** Given records **
—————

Lemma homog_part0_const {R : realType} {n : nat} (a : ('I_n -> nat) -> R)
    (z z' : 'I_n -> R) :
  homog_part a z 0 = homog_part a z' 0.
Proof.
rewrite /homog_part; apply: eq_bigr => g _; congr (_ * _).
rewrite /monom; apply: eq_bigr => i _.
by have -> : (g i : nat) = 0%N by case: (g i) => [[|k] Hk].
Qed.

Lemma geometric_sum_le2 {R : realType} {q : R} : 0 <= q -> q <= 1/2 ->
  forall N, \sum_(k < N) q ^+ k <= 2.
Proof.
move=> q0 q1; elim=> [|N IH]; first by rewrite big_ord0; lra.
rewrite big_ord_recl expr0.
rewrite (eq_bigr (fun i : 'I_N => q * q ^+ i)); last first.
  by move=> i _; rewrite /= /bump leq0n add1n exprS.
rewrite -mulr_sumr.
have : q * \sum_(i < N) q ^+ i <= q * 2 by apply: ler_wpM2l.
move: (q * _) => S; lra.
Qed.

(* The degree-1 bound forces Q R >= 0, the sign of all our constants. *)
Lemma QR_bounded_ge0 {R : realType} {n : nat} {a : ('I_n -> nat) -> R} {Q Rb : R} :
  QR_bounded a Q Rb -> 0 <= Q * Rb.
Proof. by move=> Hbd; have := Hbd 1%N; rewrite expr1; apply: le_trans; rewrite sumr_ge0. Qed.

(* For (Q,R)-bounded coefficients and 6 R eps <= 1, the positive-degree
   weights sum_k coef_abs_sum a k (3 eps)^k form a geometric series of ratio
   3 R eps <= 1/2. *)
Lemma QR_bounded_tail_le {R : realType} {n : nat} (a : ('I_n -> nat) -> R)
    (Q Rb eps : R) :
  QR_bounded a Q Rb -> 0 <= eps -> 6 * Rb * eps <= 1 ->
  forall N, \sum_(k < N) coef_abs_sum a k.+1 * (3 * eps) ^+ k.+1
    <= 6 * (Q * Rb) * eps.
Proof.
move=> Hbd eps0 Heps N.
have c0 k : 0 <= coef_abs_sum a k by rewrite sumr_ge0.
have Q0 : 0 <= Q by have := Hbd 0%N; rewrite expr0 mulr1; apply: le_trans.
have [Qz|Qn0] := eqVneq Q 0.
  rewrite Qz !mul0r mulr0 mul0r big1 // => k _.
  suff -> : coef_abs_sum a k.+1 = 0 by rewrite mul0r.
  by apply/eqP; rewrite eq_le c0 andbT; have := Hbd k.+1; rewrite Qz mul0r.
have Qpos : 0 < Q by rewrite lt_neqAle eq_sym Qn0 Q0.
have Rb0 : 0 <= Rb by rewrite -(pmulr_rge0 _ Qpos) (QR_bounded_ge0 Hbd).
pose q := Rb * (3 * eps).
have q0 : 0 <= q by rewrite /q !mulr_ge0.
have q1 : q <= 1/2 by rewrite /q; lra.
have C0 : 0 <= Q * Rb * (3 * eps) by rewrite !mulr_ge0.
apply: (@le_trans _ _ (\sum_(k < N) Q * Rb * (3 * eps) * q ^+ k)).
  apply: ler_sum => k _.
  have -> : Q * Rb * (3 * eps) * q ^+ k = Q * Rb ^+ k.+1 * (3 * eps) ^+ k.+1.
    by rewrite /q exprMn !exprS; ring.
  by apply: ler_wpM2r; [rewrite exprn_ge0 // mulr_ge0 | exact: Hbd].
rewrite -mulr_sumr; apply: le_trans (ler_wpM2l C0 (geometric_sum_le2 q0 q1 N)) _.
by rewrite le_eqVlt; apply/orP; left; apply/eqP; ring.
Qed.

Section BoundedDifferences.
Variable R : realType.
Variables (T h : nat) (alpha p : R).
Hypothesis alpha_ge0 : 0 <= alpha.
Hypothesis p_ge2 : 2 <= p.

Definition diff_bounded (C : R) (u : nat -> R) :=
  forall m t, (m <= h)%N -> (1 <= t <= T - m)%N ->
  `|fdiff u m t| <= C * alpha ^+ m * weight p m.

—————

** What to produce **
In the listing, find all lines with the string "first" and copy them.

** Exercise result **
move=> q0 q1; elim=> [|N IH]; first by rewrite big_ord0; lra.
rewrite (eq_bigr (fun i : 'I_N => q * q ^+ i)); last first.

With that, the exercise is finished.